Amélie est née il y a 7 ans dans une famille un peu éclatée. C’était un très joli bébé, tout rose et tout mignon, qui souriait beaucoup, même si elle n’avait que peu de raisons d’être heureuse. Son papa est parti quand elle était encore dans le ventre de sa maman, et sa maman se drogue et boit beaucoup depuis. Elle vit dans une maison insalubre, et le chat dort avec elle dans son berceau. A lui, on ne peut pas lui en vouloir, un berceau de bébé, c’est douillet et ça sent bon. Mais vu qu’on ne change pas tout le temps la couche d’Amélie, ça sent un peu moyen… N’empêche que ça reste quand même l’endroit le plus propre de la maison, et du coup ça plait bien à Félix qui ronronne. Et le ronron de Félix endort Amélie. Ils se complètent bien ces deux-là. Certes c’est dangereux. Un chat et un bébé dans le même berceau, ça augmente le risque de mort subite. Mais, heureusement ou malheureusement, Amélie ne va pas mourir.

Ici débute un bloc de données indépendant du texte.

(* Let $\phi\in C^3((0,\infty))$, $\eta=\phi'$ and $\hat\eta(r)=\eta(r)+2\eta(2r)$, and suppose there are constants $0<a_0<\tilde r_1<\tilde r_2<2a_0$ and $a_1>a_0$ such that: $\eta'(r)>0$ for $0<r<\tilde r_1$ and $\eta'(r)<0$ for $r>\tilde r_1$; $\eta''(r)<0$ for $0<r<\tilde r_2$ and $\eta''(r)>0$ for $r>\tilde r_2$; $\hat\eta(r)<0$ for $0<r<a_0$ and $\hat\eta(r)>0$ for $r>a_0$; $\hat\eta'(r)>0$ for $0<r<a_1$ and $\hat\eta'(r)<0$ for $r>a_1$. Let $N,K$ be positive integers with $K<N-1$. For $\mathbf r=(r_{-N},\dots,r_N)\in(0,\infty)^{2N+1}$ define $\hat{\mathbf\Psi}^L(\mathbf r)$ by $\hat\psi^L_j(\mathbf r)=\hat\eta(r_j)$, $j=-N,\dots,N$, and $\hat{\mathbf\Psi}^F(\mathbf r)$ by $\hat\psi^F_j(\mathbf r)=\eta(r_j)+2\eta(2r_j)$ for $-N\le j\le -K$ and for $K\le j\le N$, and $\hat\psi^F_j(\mathbf r)=\eta(r_j)+\eta(r_j+r_{j-1})+\eta(r_j+r_{j+1})+[2\eta(2r_K)-\eta(r_K+r_{K-1})-\eta(r_K+r_{K+1})]$ for $-K+1\le j\le K-1$. Fix $\mathbf\Phi\in\mathbb R^{2N+1}$ and set $\mathbf h(\mathbf r,t)=(1-t)[\hat{\mathbf\Psi}^L(\mathbf r)-\mathbf\Phi]+t[\hat{\mathbf\Psi}^F(\mathbf r)-\mathbf\Phi]$ for $t\in[0,1]$. Let $0<r_L<r_U<a_1$ and $\Omega=(r_L,r_U)^{2N+1}$. Suppose that for every $i=-N,\dots,N$, every $t\in[0,1]$ and every $\mathbf r\in\partial\Omega$: $h_i(\mathbf r,t)>0$ if $r_i=r_U$, and $h_i(\mathbf r,t)<0$ if $r_i=r_L$. If the Jacobian matrix $D\hat{\mathbf\Psi}^F(\mathbf r)$ (with entries $D_j\hat\psi^F_i(\mathbf r)$) is strictly diagonally dominant with positive diagonal, i.e. $D_i\hat\psi^F_i(\mathbf r)>\sum_{j\ne i}|D_j\hat\psi^F_i(\mathbf r)|$ for all $i$, for all $\mathbf r\in\Omega$, then there exists a unique solution $\mathbf r\in\Omega$ of $\hat{\mathbf\Psi}^F(\mathbf r)=\mathbf\Phi$.
   Context: $\hat{\mathbf\Psi}^L$ and $\hat{\mathbf\Psi}^F$ are the conjugate forces of the local and (symmetrized) force-based quasicontinuum approximations of a one-dimensional atomic chain with nearest and next-nearest neighbour pair interactions given by $\phi$. *)

From Stdlib Require Import Reals ZArith.
From Coquelicot Require Import Coquelicot.
Open Scope R_scope.

(* Configurations r = (r_{-N},...,r_N) are functions Z -> R; only the
   indices -N..N are meaningful. *)
Definition in_idx (N j : Z) : Prop := (- N <= j <= N)%Z.

Definition eta (phi : R -> R) : R -> R := Derive phi.
Definition eta_hat (phi : R -> R) (r : R) : R := eta phi r + 2 * eta phi (2 * r).

Definition psiL (phi : R -> R) (r : Z -> R) (j : Z) : R := eta_hat phi (r j).

Definition psiF (phi : R -> R) (K : Z) (r : Z -> R) (j : Z) : R :=
  if andb (- K + 1 <=? j)%Z (j <=? K - 1)%Z then
    eta phi (r j) + eta phi (r j + r (j - 1)%Z) + eta phi (r j + r (j + 1)%Z)
    + (2 * eta phi (2 * r K) - eta phi (r K + r (K - 1)%Z)
       - eta phi (r K + r (K + 1)%Z))
  else eta phi (r j) + 2 * eta phi (2 * r j).

Definition hom (phi : R -> R) (K : Z) (Phi : Z -> R) (r : Z -> R) (t : R) (i : Z) : R :=
  (1 - t) * (psiL phi r i - Phi i) + t * (psiF phi K r i - Phi i).

Definition upd (r : Z -> R) (j : Z) (x : R) : Z -> R :=
  fun k => if Z.eqb k j then x else r k.

Definition DpsiF (phi : R -> R) (K : Z) (r : Z -> R) (i j : Z) : R :=
  Derive (fun x => psiF phi K (upd r j x) i) (r j).

Definition sum_idx (N : Z) (f : Z -> R) : R :=
  sum_f_R0 (fun k => f (Z.of_nat k - N)%Z) (Z.to_nat (2 * N)).

Definition in_Omega (N : Z) (rL rU : R) (r : Z -> R) : Prop :=
  forall j, in_idx N j -> rL < r j < rU.

Definition in_bdry_Omega (N : Z) (rL rU : R) (r : Z -> R) : Prop :=
  (forall j, in_idx N j -> rL <= r j <= rU) /\
  (exists j, in_idx N j /\ (r j = rL \/ r j = rU)).

(* Only the boundary condition for h(., 1) and the diagonal dominance of D psi^F are needed.  Each psi^F_i is a finite sum of terms
   w * eta (al r_a + be r_b), so the mean value theorem along a segment gives
   psi^F_i(y) - psi^F_i(x) = sum_j D_j psi^F_i(p) (y_j - x_j) for some p in Omega, and diagonal
   dominance turns this into (psi^F_i(y) - psi^F_i(x)) (y_i - x_i) > 0 whenever |y_i - x_i| is the
   largest coordinate difference.  For existence, solve the equations
   one at a time: when coordinate m+1 is prescribed to be s and the first m equations are solved,
   the same monotonicity makes the solution 1-Lipschitz in s for the sup norm, so it extends to
   s = r_L and s = r_U, where the boundary condition gives the (m+1)-th residual opposite signs; the
   intermediate value theorem then solves equation m+1. *)

From Stdlib Require Import Reals ZArith Lra Lia List.
From Stdlib Require Import Classical ClassicalEpsilon FunctionalExtensionality.
From Coquelicot Require Import Coquelicot.
Open Scope R_scope.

Vers l’âge de deux ans elle est placée en foyer. Sa mère la frappait souvent, et pour des bêtises qu’elle n’avait pas commis. Un jour, elle a même pris une gifle parce qu’il pleuvait dehors et que du coup sa maman ne pouvait pas sortir acheter de la bière. On n’entendra d’ailleurs jamais plus parler de cette dernière dans cette histoire. Du jour où Amélie a été placée, elle a subitement disparue on ne sait où. Et on ne l’a pas cherché trop longtemps…
A 5 ans, Amélie est une magnifique petite fille. Elle est brune, avec de magnifiques yeux verts en amande qui brillent comme des agathes. Elle vient d’être adoptée par une famille. A partir de cet instant, elle vécut heureuse et eut plein de jolis jouets. Du moins, c’est ce que j’aurais aimé vous dire.
Mais l’histoire continue. Encore un peu.
Amélie est souvent hospitalisée, elle souffre d’infections urinaires itératives assez sévères qui touchent le rein et qu’on appelle pyélonéphrites. A un tel point qu’il faut qu’un chirurgien dérive ses urines en lui posant un cathéter sus-pubien à demeure par lequel elle fait désormais pipi.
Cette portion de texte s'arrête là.